** DATA EXTRACT follows **

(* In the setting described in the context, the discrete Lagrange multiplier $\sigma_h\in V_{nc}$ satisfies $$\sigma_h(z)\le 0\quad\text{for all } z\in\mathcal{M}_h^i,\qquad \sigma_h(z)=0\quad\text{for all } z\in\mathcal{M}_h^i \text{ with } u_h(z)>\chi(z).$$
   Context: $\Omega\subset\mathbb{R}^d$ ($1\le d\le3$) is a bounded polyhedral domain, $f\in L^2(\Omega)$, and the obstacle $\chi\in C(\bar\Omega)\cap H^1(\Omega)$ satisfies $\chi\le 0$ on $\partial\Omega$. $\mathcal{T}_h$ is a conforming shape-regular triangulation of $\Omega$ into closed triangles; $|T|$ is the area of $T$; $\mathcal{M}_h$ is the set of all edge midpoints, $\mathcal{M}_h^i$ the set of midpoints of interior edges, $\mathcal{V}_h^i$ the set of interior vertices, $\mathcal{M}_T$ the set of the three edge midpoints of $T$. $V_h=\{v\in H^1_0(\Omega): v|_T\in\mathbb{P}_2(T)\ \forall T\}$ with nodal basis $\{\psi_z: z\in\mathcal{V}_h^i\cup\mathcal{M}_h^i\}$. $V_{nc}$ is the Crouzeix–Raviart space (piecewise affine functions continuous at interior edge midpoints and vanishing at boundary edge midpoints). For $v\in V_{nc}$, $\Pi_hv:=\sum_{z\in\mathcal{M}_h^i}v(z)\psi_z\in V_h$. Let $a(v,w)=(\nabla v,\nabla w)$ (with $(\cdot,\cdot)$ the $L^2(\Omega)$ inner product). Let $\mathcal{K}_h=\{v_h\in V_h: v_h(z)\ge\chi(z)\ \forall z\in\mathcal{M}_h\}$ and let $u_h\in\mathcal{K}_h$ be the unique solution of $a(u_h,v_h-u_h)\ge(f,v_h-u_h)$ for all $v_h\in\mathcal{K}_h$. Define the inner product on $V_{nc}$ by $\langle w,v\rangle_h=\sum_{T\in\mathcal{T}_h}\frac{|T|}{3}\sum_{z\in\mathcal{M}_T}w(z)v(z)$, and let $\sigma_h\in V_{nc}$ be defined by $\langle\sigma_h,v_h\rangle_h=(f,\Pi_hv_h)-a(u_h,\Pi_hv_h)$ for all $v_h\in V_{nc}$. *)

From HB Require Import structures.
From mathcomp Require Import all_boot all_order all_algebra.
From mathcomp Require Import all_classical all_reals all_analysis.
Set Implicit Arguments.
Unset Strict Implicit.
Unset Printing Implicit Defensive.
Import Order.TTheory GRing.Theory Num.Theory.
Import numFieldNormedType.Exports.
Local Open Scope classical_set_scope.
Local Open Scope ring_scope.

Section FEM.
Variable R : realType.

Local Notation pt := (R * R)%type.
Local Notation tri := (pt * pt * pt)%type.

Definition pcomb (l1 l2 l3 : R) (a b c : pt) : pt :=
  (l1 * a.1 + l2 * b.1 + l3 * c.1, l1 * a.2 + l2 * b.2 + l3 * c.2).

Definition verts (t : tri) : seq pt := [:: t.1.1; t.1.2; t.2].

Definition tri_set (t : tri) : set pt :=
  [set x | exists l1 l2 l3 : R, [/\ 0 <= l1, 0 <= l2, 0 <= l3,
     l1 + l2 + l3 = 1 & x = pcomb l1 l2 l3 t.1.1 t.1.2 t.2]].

** End of DATA EXTRACT **
** DATA EXTRACT follows **

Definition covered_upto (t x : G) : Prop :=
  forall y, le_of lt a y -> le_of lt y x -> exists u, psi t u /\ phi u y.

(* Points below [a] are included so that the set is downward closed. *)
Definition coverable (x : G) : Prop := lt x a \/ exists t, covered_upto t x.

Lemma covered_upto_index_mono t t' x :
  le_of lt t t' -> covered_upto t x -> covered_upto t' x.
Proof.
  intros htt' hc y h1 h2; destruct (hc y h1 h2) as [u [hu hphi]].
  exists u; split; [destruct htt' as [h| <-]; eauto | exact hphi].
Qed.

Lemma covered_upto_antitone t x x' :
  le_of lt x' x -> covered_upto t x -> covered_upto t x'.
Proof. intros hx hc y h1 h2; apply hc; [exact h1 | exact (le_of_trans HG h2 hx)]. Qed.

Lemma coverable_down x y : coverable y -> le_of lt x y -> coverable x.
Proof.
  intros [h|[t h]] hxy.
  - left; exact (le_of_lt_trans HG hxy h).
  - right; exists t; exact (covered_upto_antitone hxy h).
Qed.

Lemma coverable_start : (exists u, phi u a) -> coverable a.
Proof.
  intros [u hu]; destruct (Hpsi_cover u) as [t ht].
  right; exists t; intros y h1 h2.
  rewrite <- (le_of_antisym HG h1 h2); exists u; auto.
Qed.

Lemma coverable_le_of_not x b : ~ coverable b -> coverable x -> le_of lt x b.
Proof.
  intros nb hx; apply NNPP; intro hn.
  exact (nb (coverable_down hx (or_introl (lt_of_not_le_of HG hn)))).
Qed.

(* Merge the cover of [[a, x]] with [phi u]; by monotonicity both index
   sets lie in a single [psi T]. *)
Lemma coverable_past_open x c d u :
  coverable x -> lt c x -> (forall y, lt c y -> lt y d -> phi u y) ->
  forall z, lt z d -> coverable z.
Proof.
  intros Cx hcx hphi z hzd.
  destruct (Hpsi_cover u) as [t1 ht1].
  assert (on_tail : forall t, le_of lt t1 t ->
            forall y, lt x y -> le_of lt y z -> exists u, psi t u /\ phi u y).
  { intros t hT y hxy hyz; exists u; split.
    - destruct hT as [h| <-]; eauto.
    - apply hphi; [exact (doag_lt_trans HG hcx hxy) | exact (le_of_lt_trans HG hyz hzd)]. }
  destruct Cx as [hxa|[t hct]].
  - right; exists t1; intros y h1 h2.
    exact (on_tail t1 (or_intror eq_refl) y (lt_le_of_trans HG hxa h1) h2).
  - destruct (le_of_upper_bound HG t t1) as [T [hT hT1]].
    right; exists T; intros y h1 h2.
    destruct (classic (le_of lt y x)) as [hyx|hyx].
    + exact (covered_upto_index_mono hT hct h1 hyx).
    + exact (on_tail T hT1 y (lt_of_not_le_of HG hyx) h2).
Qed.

** End of DATA EXTRACT **
** DATA EXTRACT follows **

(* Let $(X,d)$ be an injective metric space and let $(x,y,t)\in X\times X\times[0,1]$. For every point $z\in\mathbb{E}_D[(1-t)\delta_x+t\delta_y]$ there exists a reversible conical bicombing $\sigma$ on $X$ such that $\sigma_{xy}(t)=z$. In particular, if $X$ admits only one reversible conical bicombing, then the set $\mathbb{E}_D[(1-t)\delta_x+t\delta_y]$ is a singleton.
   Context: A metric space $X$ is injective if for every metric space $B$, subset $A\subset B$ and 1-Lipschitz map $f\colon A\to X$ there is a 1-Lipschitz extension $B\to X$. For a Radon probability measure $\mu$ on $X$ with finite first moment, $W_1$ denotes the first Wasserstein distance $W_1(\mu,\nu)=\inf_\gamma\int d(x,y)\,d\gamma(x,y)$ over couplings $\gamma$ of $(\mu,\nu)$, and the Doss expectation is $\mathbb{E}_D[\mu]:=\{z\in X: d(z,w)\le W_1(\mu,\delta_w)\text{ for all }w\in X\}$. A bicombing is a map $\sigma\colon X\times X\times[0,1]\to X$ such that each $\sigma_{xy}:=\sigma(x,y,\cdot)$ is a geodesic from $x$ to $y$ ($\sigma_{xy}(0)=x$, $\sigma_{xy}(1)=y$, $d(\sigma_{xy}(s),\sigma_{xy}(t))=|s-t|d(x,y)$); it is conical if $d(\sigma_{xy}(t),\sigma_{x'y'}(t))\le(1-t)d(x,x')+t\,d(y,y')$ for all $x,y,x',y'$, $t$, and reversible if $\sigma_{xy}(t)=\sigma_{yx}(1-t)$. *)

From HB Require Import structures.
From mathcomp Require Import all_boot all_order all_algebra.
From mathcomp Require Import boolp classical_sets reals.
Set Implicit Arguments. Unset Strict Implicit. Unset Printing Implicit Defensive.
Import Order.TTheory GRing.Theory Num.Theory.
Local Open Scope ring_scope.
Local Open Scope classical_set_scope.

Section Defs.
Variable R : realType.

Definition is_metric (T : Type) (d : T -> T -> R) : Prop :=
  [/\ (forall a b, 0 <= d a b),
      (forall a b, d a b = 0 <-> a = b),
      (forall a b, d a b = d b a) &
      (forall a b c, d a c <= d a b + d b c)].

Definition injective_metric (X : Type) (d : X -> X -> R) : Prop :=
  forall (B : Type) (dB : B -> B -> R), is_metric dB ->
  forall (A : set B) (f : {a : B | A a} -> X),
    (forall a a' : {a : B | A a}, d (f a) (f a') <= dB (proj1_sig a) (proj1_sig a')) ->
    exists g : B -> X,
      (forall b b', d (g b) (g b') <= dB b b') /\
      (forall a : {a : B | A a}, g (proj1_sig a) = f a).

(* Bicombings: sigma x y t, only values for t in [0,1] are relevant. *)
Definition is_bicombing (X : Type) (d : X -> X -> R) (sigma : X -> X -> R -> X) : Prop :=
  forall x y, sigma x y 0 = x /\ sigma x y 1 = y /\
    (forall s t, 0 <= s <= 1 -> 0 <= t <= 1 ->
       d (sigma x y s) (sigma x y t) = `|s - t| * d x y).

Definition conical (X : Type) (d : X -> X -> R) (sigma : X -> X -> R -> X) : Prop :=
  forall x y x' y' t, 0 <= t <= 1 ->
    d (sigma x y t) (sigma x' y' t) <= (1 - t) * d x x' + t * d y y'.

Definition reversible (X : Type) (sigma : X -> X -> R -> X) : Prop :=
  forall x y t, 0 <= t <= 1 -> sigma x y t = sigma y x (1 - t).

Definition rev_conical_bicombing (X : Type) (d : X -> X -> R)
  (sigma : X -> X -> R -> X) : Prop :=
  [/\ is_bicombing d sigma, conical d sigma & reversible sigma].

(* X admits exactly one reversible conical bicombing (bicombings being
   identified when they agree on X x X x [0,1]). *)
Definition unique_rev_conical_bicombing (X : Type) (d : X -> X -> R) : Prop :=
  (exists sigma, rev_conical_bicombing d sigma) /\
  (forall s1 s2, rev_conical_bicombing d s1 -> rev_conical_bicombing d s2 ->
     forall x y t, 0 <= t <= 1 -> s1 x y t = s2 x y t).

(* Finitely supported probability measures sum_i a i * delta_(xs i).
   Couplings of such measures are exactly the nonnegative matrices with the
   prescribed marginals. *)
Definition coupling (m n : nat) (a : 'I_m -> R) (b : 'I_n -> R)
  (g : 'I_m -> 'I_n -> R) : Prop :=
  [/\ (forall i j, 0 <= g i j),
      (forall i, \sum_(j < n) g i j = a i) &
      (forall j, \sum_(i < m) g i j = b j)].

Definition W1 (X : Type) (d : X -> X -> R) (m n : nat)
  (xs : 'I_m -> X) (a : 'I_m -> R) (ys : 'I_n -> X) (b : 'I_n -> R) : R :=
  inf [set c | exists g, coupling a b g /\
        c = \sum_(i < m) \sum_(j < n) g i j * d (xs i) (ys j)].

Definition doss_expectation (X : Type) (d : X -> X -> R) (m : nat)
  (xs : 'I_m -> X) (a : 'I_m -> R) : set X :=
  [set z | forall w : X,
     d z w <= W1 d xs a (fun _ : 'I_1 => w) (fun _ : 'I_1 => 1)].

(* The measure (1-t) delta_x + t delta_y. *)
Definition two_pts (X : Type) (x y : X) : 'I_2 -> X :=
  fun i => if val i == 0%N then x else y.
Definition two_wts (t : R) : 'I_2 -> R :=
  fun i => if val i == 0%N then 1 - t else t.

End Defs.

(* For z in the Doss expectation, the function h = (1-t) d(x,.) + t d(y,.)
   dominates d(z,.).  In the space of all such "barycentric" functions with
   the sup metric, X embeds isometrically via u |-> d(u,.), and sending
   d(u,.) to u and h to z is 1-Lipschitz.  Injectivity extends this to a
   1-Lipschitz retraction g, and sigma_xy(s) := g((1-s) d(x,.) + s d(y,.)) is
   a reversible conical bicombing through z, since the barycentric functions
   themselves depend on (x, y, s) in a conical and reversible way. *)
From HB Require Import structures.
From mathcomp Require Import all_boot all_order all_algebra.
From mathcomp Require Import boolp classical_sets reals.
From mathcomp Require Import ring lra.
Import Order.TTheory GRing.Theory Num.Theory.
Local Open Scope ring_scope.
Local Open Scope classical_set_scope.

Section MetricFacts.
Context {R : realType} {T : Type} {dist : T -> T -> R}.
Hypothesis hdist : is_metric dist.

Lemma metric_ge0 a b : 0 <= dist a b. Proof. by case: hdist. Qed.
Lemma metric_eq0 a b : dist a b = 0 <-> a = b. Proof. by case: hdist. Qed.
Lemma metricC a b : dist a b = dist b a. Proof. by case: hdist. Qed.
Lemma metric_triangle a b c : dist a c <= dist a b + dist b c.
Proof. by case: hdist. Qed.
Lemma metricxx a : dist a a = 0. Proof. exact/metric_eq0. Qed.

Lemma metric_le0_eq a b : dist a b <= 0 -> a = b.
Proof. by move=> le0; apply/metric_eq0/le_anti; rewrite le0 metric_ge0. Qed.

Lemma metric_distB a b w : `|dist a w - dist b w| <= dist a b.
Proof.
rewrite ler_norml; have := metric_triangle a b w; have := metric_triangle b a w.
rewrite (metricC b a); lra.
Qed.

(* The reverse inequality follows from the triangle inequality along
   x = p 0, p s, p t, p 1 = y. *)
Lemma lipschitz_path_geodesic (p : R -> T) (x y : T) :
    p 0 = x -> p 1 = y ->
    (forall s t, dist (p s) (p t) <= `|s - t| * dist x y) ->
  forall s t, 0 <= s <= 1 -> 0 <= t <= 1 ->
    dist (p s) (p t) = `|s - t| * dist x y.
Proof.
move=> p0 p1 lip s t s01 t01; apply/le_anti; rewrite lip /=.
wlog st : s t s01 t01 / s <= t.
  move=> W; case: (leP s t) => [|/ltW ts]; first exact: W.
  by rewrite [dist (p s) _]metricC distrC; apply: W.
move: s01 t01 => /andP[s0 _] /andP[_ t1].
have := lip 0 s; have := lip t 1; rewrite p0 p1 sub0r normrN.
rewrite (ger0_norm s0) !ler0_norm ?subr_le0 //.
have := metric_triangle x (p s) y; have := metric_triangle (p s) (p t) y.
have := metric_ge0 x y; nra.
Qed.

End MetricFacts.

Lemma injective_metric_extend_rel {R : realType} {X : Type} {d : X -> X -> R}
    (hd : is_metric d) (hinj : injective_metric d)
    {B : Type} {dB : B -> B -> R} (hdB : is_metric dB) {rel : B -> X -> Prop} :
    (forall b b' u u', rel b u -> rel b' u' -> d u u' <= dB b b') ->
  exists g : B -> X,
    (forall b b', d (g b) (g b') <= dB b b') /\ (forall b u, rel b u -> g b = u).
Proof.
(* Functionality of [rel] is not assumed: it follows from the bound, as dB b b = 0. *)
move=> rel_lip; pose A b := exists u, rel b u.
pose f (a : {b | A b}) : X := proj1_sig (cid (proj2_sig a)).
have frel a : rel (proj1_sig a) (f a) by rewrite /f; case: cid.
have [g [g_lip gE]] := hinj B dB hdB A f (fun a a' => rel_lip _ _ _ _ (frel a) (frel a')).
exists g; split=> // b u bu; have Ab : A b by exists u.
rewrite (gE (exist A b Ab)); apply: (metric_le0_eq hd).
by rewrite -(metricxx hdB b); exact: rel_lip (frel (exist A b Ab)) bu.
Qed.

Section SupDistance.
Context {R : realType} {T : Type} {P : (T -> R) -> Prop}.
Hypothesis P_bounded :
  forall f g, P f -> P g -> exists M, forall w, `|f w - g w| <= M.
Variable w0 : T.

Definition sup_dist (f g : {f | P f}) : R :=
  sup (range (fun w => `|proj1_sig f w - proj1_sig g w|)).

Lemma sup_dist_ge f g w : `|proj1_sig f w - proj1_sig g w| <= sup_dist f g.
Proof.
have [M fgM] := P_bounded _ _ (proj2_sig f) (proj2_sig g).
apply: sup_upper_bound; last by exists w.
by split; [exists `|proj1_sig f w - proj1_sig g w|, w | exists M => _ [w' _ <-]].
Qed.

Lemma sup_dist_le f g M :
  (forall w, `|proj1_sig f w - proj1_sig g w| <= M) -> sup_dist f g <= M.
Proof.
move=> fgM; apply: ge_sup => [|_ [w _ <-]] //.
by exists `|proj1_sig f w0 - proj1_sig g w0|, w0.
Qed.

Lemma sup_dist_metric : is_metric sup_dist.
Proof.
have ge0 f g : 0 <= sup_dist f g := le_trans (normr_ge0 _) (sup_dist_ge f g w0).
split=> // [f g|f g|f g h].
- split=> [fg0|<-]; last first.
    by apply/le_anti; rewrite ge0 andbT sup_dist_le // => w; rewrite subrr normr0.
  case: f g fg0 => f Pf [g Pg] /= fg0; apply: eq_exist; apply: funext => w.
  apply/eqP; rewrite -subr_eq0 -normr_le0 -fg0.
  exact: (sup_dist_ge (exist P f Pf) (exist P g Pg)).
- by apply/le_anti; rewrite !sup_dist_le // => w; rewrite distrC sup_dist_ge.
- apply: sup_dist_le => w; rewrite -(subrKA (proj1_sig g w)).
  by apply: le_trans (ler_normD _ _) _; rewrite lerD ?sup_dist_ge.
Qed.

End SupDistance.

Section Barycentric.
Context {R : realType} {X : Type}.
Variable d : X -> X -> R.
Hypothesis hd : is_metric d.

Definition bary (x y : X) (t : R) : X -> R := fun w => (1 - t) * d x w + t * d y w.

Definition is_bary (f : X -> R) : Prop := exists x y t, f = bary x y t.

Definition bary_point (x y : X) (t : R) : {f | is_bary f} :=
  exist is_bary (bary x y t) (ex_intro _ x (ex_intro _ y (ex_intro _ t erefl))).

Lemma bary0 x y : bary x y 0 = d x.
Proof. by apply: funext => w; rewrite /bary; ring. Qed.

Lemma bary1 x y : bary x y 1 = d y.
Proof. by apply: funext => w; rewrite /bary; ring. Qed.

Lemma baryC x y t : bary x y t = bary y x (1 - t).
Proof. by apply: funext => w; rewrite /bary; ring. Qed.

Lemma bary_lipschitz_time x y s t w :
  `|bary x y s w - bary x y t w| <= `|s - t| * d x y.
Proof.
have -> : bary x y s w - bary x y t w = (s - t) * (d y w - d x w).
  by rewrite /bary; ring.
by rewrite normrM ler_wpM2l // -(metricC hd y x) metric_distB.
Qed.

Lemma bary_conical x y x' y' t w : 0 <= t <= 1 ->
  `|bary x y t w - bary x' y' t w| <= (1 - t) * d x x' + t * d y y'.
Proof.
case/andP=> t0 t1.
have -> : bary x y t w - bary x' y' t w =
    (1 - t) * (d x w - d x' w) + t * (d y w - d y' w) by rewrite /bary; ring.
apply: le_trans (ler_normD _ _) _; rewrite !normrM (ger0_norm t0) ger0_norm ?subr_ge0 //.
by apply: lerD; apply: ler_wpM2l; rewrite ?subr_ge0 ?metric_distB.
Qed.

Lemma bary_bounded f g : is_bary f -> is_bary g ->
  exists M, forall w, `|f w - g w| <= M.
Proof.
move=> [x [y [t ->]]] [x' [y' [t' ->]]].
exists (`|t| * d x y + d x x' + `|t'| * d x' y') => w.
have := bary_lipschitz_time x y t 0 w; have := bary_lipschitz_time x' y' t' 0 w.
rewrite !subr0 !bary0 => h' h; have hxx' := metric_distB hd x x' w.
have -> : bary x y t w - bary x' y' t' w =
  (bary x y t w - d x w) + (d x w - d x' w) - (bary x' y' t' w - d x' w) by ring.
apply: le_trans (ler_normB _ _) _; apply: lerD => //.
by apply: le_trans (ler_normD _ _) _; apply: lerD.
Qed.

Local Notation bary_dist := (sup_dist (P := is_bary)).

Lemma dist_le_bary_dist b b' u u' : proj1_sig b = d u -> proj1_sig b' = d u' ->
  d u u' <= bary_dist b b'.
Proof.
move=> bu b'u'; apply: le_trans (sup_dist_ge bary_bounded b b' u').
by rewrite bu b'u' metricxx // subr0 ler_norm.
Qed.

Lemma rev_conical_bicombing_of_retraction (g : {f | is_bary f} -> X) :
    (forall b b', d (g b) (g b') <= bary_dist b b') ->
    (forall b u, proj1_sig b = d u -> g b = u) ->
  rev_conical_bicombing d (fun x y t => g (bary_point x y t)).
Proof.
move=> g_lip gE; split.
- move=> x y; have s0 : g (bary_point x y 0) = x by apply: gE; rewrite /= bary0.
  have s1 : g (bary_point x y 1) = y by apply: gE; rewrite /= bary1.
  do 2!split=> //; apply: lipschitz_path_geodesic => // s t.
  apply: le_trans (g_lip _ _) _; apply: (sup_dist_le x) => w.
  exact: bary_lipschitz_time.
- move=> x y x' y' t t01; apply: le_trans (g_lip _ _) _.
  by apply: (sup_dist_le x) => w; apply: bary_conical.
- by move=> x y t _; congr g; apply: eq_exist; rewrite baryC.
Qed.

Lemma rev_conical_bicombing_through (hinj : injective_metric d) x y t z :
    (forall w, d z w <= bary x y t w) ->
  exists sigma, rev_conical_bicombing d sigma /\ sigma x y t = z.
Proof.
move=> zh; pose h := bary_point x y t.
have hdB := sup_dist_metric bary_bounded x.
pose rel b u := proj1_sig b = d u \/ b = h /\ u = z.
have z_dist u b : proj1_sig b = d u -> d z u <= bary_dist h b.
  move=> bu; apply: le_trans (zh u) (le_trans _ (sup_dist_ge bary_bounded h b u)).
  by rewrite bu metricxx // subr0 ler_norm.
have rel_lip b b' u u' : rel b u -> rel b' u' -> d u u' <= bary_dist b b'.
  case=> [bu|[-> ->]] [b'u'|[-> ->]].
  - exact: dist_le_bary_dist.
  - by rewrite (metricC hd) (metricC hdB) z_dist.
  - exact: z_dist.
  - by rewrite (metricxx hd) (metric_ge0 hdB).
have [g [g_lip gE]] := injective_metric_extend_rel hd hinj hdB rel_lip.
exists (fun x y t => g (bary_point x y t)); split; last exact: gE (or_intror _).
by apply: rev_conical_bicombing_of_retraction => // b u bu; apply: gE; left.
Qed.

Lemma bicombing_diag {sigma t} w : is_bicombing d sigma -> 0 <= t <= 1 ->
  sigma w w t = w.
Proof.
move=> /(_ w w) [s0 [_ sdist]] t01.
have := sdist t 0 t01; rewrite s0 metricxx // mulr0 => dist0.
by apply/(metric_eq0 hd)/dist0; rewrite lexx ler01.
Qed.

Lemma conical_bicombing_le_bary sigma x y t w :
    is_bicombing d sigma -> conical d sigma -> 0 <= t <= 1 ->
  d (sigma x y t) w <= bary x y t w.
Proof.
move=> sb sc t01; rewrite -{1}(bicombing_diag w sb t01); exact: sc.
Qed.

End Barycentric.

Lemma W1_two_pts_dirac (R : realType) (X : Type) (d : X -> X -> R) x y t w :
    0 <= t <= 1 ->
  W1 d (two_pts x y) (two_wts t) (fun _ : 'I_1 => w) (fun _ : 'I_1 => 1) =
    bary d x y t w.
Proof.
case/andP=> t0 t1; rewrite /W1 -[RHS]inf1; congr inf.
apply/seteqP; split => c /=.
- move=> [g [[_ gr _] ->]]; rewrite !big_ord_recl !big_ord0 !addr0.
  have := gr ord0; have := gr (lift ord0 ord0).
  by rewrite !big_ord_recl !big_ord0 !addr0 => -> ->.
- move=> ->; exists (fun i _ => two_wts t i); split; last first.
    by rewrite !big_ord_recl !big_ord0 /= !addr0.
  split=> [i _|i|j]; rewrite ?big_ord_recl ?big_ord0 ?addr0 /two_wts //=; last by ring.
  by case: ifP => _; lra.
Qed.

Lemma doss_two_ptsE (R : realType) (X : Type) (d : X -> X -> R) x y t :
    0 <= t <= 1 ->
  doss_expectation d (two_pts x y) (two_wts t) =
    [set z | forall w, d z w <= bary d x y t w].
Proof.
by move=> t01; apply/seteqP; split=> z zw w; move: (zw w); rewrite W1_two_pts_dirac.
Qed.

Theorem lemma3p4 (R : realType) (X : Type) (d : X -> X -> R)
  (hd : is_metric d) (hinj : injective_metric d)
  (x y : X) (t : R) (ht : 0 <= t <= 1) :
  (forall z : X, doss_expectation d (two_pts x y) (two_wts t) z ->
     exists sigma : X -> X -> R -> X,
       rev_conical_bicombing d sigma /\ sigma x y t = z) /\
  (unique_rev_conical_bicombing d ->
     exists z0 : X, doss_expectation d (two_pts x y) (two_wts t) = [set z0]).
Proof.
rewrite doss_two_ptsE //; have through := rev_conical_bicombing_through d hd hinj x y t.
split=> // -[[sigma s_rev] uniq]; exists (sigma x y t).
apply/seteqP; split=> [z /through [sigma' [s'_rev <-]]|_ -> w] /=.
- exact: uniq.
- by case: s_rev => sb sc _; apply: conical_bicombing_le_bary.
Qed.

** End of DATA EXTRACT **

## TASK DETAILS:
From the records above, extract exactly and only the lines that begin at the line with "case/andP=> t0 t1;" and stop after the line with "by rewrite !big_ord_recl !big_ord0 !addr0".

## ANSWER TO THE PROBLEM:
case/andP=> t0 t1; rewrite /W1 -[RHS]inf1; congr inf.
apply/seteqP; split => c /=.
- move=> [g [[_ gr _] ->]]; rewrite !big_ord_recl !big_ord0 !addr0.
  have := gr ord0; have := gr (lift ord0 ord0).
  by rewrite !big_ord_recl !big_ord0 !addr0 => -> ->.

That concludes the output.